How does a Catholic conservative from provincial France become the first socialist president elected by universal suffrage? How does a man with a foot in Vichy's camp end up reshaping the French left for a generation? And what does it mean that the country's most transformative postwar leader spent his final years hiding a terminal illness while still governing? Those are the questions this documentary will answer.
From 1925 to 1934, Mitterrand studied at the Collège Saint-Paul in Angoulême, joining the Jeunesse Étudiante Chrétienne, the youth wing of Catholic Action. When he arrived in Paris in the autumn of 1934, he enrolled at the École Libre des Sciences Politiques, where he obtained his diploma in July 1937.
Those Paris years placed him close to France's fractious far-right milieu. He took membership for roughly a year in the Volontaires nationaux, an organisation linked to François de la Rocque's Croix de Feu league, which had just played a role in the 6th of February 1934 riots that brought down the second left-wing coalition government. He also wrote articles for the newspaper L'Écho de Paris, which aligned closely with the French Social Party, and he took part in demonstrations against what nationalists called the "invasion métèque" in February 1935.
He also had personal and family connections to members of the Cagoule, a clandestine far-right terrorist group active during the 1930s. When these associations were revealed in the 1990s, Mitterrand attributed them to the milieu of his upbringing.
What began to shift him was friendship. In 1938, he became close friends with a Jewish socialist, whom he later said he saved from attacks by the Action française movement. He credited this relationship with making him question some of his nationalist convictions. That questioning accelerated dramatically when the war began and he found himself a prisoner of the Germans.
Mitterrand was wounded by shrapnel on the 14th of June 1940 at Cote 304 near Verdun during the Battle of France. He was captured by the Germans on the 21st of June and taken to Stalag IX A, roughly 60 kilometres southwest of Kassel.
He made his first escape attempt in March 1941 with fellow prisoner Father Xavier Leclerc.
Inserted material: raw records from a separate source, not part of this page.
Lemma lm_ebase_pair (j k : 'I_4) v :
  lm (ebase j) (lm (qconj (ebase k)) v) + lm (ebase k) (lm (qconj (ebase j)) v)
  = if j == k then v *+ 2 else 0.
Proof.
rewrite -!(lmA HV) -(lmDl HV).
transitivity (lm (qreal (if j == k then 2 else 0)) v).
  congr lm; case: j k => [[|[|[|[|j]]]] hj] // [[|[|[|[|k]]]] hk] //;
  by rewrite /ebase /= -?val_eqE /=; apply: quat_ext => /=; ring.
by rewrite (lm_real HV); case: eqP => _; rewrite ?scaler_nat ?scale0r.
Qed.

Lemma lm_ebase_orthogonality (k m : 'I_4) v :
  \sum_(l < 4) lm (ebase l) (lm (qconj (ebase k)) (lm (ebase m) (lm (qconj (ebase l)) v)))
  = if k == m then v *+ 4 else 0.
Proof.
rewrite !big_ord_recl big_ord0 addr0 -!(lmA HV) -!(lmDl HV).
transitivity (lm (qreal (if k == m then 4 else 0)) v).
  congr lm; case: k m => [[|[|[|[|k]]]] hk] // [[|[|[|[|m]]]] hm] //;
  by rewrite /ebase /= -?val_eqE /=; apply: quat_ext => /=; ring.
by rewrite (lm_real HV); case: eqP => _; rewrite ?scaler_nat ?scale0r.
Qed.

End TwoSidedModule.

Section ClosedOperator.
Variables (R : realType) (V : completeNormedModType R).
Variables (lm : quat R -> V -> V) (rm : V -> quat R -> V).
Hypothesis HV : two_sided_banach lm rm.
Variables (D : set V) (T : 'I_4 -> V -> V).
Hypothesis HT : KC lm rm D T.
Implicit Types (a s p : quat R) (u v w x y : V).

Local Notation dom2 := (domT2 lm D T).
Local Notation Tsq v := (\sum_(i < 4) T i (T i v)).

Lemma dom0 : D 0.
Proof. by case: HT => [[D0 _] _]. Qed.

Lemma domD {u v} : D u -> D v -> D (u + v).
Proof. by case: HT => [[_ [DD _]] _]; apply: DD. Qed.

Lemma dom_lm a {v} : D v -> D (lm a v).
Proof. by case: HT => [[_ [_ [Dlm _]]] _]; apply: Dlm. Qed.

Lemma domN {v} : D v -> D (- v).
Proof. by rewrite -scaleN1r -(lm_real HV); apply: dom_lm. Qed.

Lemma domB {u v} : D u -> D v -> D (u - v).
Proof. by move=> Du /domN; apply: domD. Qed.

Lemma domMn n {v} : D v -> D (v *+ n).
Proof. by move=> Dv; elim: n => [|n IH]; [exact: dom0 | rewrite mulrS; apply: domD]. Qed.

Lemma dom_sum {I : Type} {r : seq I} {P : pred I} {F : I -> V} :
  (forall i, P i -> D (F i)) -> D (\sum_(i <- r | P i) F i).
Proof.
move=> DF; elim/big_rec: _ => [|i v Pi Dv]; first exact: dom0.
by apply: domD => //; apply: DF.
Qed.

Lemma TD i {u v} : D u -> D v -> T i (u + v) = T i u + T i v.
Proof. by case: HT => _ [/(_ i) [TD _] _]; apply: TD. Qed.

Lemma T_lm i a v : D v -> T i (lm a v) = lm a (T i v).
Proof. by case: HT => _ [/(_ i) [_ [Tlm _]] _]; apply: Tlm. Qed.

Lemma T0 i : T i 0 = 0.
Proof. by apply: (addrI (T i 0)); rewrite -(TD i dom0 dom0) !addr0. Qed.

Lemma TN i v : D v -> T i (- v) = - T i v.
Proof. by move=> Dv; apply/eqP; rewrite -addr_eq0 -(TD i (domN Dv) Dv) addNr T0. Qed.

Lemma TB i u v : D u -> D v -> T i (u - v) = T i u - T i v.
Proof. by move=> Du Dv; rewrite (TD i Du (domN Dv)) TN. Qed.

Lemma TMn i v n : D v -> T i (v *+ n) = T i v *+ n.
Proof. by move=> Dv; elim: n => [|n IH]; rewrite ?T0 // !mulrS (TD i Dv (domMn n Dv)) IH. Qed.

Lemma T_sum i {I : Type} {r : seq I} {P : pred I} {F : I -> V} :
  (forall j, P j -> D (F j)) -> T i (\sum_(j <- r | P j) F j) = \sum_(j <- r | P j) T i (F j).
Proof.
move=> DF; elim: r => [|j r IH]; rewrite ?big_nil ?T0 // !big_cons.
by case: ifP => // Pj; rewrite (TD i (DF j Pj) (dom_sum DF)) IH.
Qed.

Lemma domT2_dom v : dom2 v -> D v.
Proof. by case. Qed.

Lemma domT2_T j v : dom2 v -> D (T j v).
Proof. by case: HT => _ [_ [_ [Tdom _]]]; apply: Tdom. Qed.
The two men trekked 550 kilometres over 22 days but were arrested at Egesheim, just 30 kilometres from the Swiss border, and returned to the camp. While imprisoned, Mitterrand was appointed one of ten chancellors of the ZUT, a temporary university at Ziegenhain, where he lectured on the ancien régime and Voltaire. He later said the people he encountered there began moving him further left.
On the 28th of November he escaped again, this time with forged papers, reaching Metz before being betrayed by a hotel landlady. He was taken to a sorting camp in Boulay-Moselle, escaped through barbed wire on the 10th of December, and hid in a nearby hospital. A nurse named Marie Baron, who was herself under Gestapo surveillance for having helped other escapees, sheltered him and handed him to Hélène Studler, who ran an escape network. That evening Mitterrand rendezvoused at Saint-Martin Church in Metz with three other escapees and a courier who took them toward the border. He crossed into the unoccupied zone near Chamblay on the 16th of December.
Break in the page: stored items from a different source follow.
Lemma hterm_ball3_le (y : V) r rho s e : 0 < r <= rho -> 0 <= s -> 0 <= e ->
  (hterm (s + e) (ball y (3 * r)) <=
   ((6 * Num.sqrt d%:R) `^ (s + e) * rho `^ e * r `^ s)%:E)%E.
Proof.
move=> /andP[r0 rrho] s0 e0.
have c0 : 0 <= 6 * Num.sqrt d%:R :> R by rewrite mulr_ge0 ?sqrtr_ge0.
have se0 : 0 <= s + e by rewrite addr_ge0.
apply: le_trans (hterm_le _ _ _ se0 (ediam_ball_le y (3 * r))) _.
have -> : 2 * Num.sqrt d%:R * (3 * r) = 6 * Num.sqrt d%:R * r by ring.
rewrite lee_fin powRM ?(ltW r0) // -mulrA; apply: ler_wpM2l; first exact: powR_ge0.
rewrite addrC powRD ?(lt0r_neq0 r0) ?implybT //; apply: ler_wpM2r; first exact: powR_ge0.
by rewrite ge0_ler_powR ?nnegrE ?(ltW r0) ?(le_trans (ltW r0) rrho).
Qed.

End euclidean_norm.

Section hausdorff.
Context {R : realType} {d : nat}.
Local Notation V := 'rV[R]_d.

Lemma hausdorff_delta_ge0 s delta (A : set V) : (0 <= hausdorff_delta s delta A)%E.
Proof.
apply/ereal_infP => _ [U _ <-].
by apply: nneseries_ge0 => n _ _; exact: hterm_ge0.
Qed.

Lemma hausdorff_delta_le_fin_cover s delta (A : set V) (J : eqType) (D : seq J)
    (F : J -> set V) :
  A `<=` \bigcup_(j in [set` D]) F j -> {in D, forall j, (ediam (F j) <= delta%:E)%E} ->
  (hausdorff_delta s delta A <= \sum_(j <- D) hterm s (F j))%E.
Proof.
move=> AD Fdelta; pose U n := nth set0 [seq F j | j <- D] n.
have UD : (\sum_(0 <= n <oo) hterm s (U n) = \sum_(j <- D) hterm s (F j))%E.
  rewrite (nneseries_split 0 (size D)) => [|n _]; last exact: hterm_ge0.
  rewrite eseries0 => [|n + _]; last first.
    by rewrite /U add0n => Dn; rewrite nth_default ?size_map // /hterm; case: pselect.
  by rewrite adde0 add0n -(big_map F xpredT (hterm s)) (big_nth set0) size_map.
apply: ereal_inf_lbound; exists U => //; split => [z /AD [j Dj Fjz]|n].
  exists (index j D) => //.
  by rewrite /U (nth_map j) ?index_mem // nth_index.
rewrite /U; case: (ltnP n (size D)) => [nD|Dn]; last first.
  by rewrite nth_default ?size_map //; apply: ge_ereal_sup => _ [? []].
have [j0 _] : exists j0 : J, True by case: D {AD Fdelta UD U} nD => // j0; exists j0.
by rewrite (nth_map j0) // Fdelta // mem_nth.
Qed.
Back in France, Mitterrand obtained work as a mid-level functionary in the Vichy government looking after POW interests, and he published an article about his POW experience in a Vichy propaganda magazine. He also, from spring 1942, began building contacts with the resistance, sending false papers to prisoners still in Germany and attending meetings at the Château de Montmaur that formed the seed of his future network. Historians have used the term "Vichysto-résistant" to describe people who supported Marshal Pétain before 1943 but subsequently rejected the regime; Mitterrand fits that label precisely.
In the spring of 1943, along with two former Cagoule members, he received the Order of the Francisque, the Vichy regime's honorific distinction. He later denied receiving it, though some accounts say he went into hiding before the medal ceremony could take place. Socialist resistance leader Jean Pierre-Bloch maintained Mitterrand was ordered to accept it as cover.
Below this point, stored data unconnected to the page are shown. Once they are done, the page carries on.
Lemma d_borel_preimage {T U : Type} {d : T -> T -> R} {d' : U -> U -> R} {g : T -> U} :
  (forall A, d_open d' A -> d_open d (g @^-1` A)) ->
  forall B, d_borel d' B -> d_borel d (g @^-1` B).
Proof.
move=> g_open.
have [borel0 borelC borelU] : sigma_algebra setT (d_borel d) := smallest_sigma_algebra _ _.
have preimage_sigma : sigma_algebra setT [set B | d_borel d (g @^-1` B)].
  split => /=.
  - by rewrite preimage_set0.
  - by move=> A hA; have := borelC _ hA; rewrite !setTD preimage_setC.
  - by move=> F hF; rewrite preimage_bigcup; exact: borelU.
apply: (@smallest_sub _ (sigma_algebra setT) [set A | d_open d' A] _ preimage_sigma).
by move=> A oA /=; apply: sub_gen_smallest; exact: g_open.
Qed.

Lemma one_lipschitz_borel {X Y : mmData R} {g : X -> Y} :
  one_lipschitz g -> forall B, @mm_borel R Y B -> @mm_borel R X (g @^-1` B).
Proof.
move=> g_lip; apply: d_borel_preimage => A oA x Ax; have [e [e0 he]] := oA _ Ax.
by exists e; split => // y dy; apply: he; exact: le_lt_trans (g_lip _ _) dy.
Qed.

Lemma parameter_comp {X Y : mmData R} {g : X -> Y} {phi : R -> X} :
  (forall B, @mm_borel R Y B -> @mm_borel R X (g @^-1` B)) -> push_eq g ->
  parameter phi -> parameter (g \o phi).
Proof.
move=> g_borel g_push phi_param B hB.
by rewrite -g_push //; exact: phi_param (g_borel _ hB).
Qed.

Lemma lip_prec_refl (X : mmData R) : lip_prec X X.
Proof. by exists id; split. Qed.

Lemma measure_nondecreasing_gt {d} {T : measurableType d}
    {mu : {measure set T -> \bar R}} {F : nat -> set T} {l e : R} :
  (forall n, measurable (F n)) -> nondecreasing_seq F ->
  mu (\bigcup_n F n) = l%:E -> 0 < e -> exists N, ((l - e)%:E < mu (F N))%E.
Proof.
move=> F_meas F_nd mu_F e0.
have cvg_muF : mu \o F @ \oo --> l%:E.
  by rewrite -mu_F; apply: nondecreasing_cvg_mu => //; exact: bigcup_measurable.
have [|N _ hN] := cvg_muF _ (@nbhs_open_ereal_gt _ l (fun r => r - e) _).
  by rewrite gtrBl.
by exists N; exact: hN N (leqnn N).
Qed.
The 28th of May 1943 is generally taken as the date Mitterrand broke fully with Vichy, when he met with Gaullist representatives about merging the three POW resistance movements. Pierre de Bénouville later described Mitterrand's spy network inside the POW camps as providing information that was "often decisive" about what was happening behind German lines.
In November 1943 the Sicherheitsdienst raided a flat in Vichy looking for someone using the cover name "Morland" - Mitterrand's alias. They arrested a man named Pol Pilven instead; Mitterrand was in Paris. Warned by friends, he escaped to London aboard a Lysander aircraft on the 15th of November 1943, piloted by Squadron Leader Lewis Hodges, to promote his movement to British and American authorities.
De Gaulle and Mitterrand clashed from their first meeting in Algiers. De Gaulle refused to fold Mitterrand's POW intelligence network into the broader Resistance unless de Gaulle's nephew Cailliau would lead it. Mitterrand refused. Under pressure from Henri Frenay, de Gaulle eventually relented. In December 1943, Mitterrand ordered the execution of one Henri Marlin, who was about to direct attacks on the Maquis, carried out by Jacques Paris and Jean Munier.
When de Gaulle entered Paris after the Liberation and was introduced to Mitterrand among the men assembled for the provisional government, he reportedly muttered: "You again!" He dismissed Mitterrand two weeks later.
At the November 1946 legislative election, Mitterrand won a seat as deputy from the Nièvre département, running on an explicitly anti-communist campaign to defeat a Communist candidate for the seat. He joined the cabinet in January 1947 as War Veterans Minister, the first of eleven different ministerial portfolios he would hold under the Fourth Republic.
In May 1948 he was among the delegates at the Congress of The Hague, alongside Konrad Adenauer, Winston Churchill, Harold Macmillan, Paul-Henri Spaak, Albert Coppé and Altiero Spinelli. That gathering originated the European Movement.
As Overseas Minister between 1950 and 1951, he fought the colonial lobby to propose a reform programme for France's overseas territories, then resigned from the cabinet in 1953 after the arrest of Morocco's sultan. In June of that year he also attended the coronation of Queen Elizabeth II, where he reported spending much of the ceremony being psychoanalysed by the elderly Princess Marie Bonaparte, who was seated next to him.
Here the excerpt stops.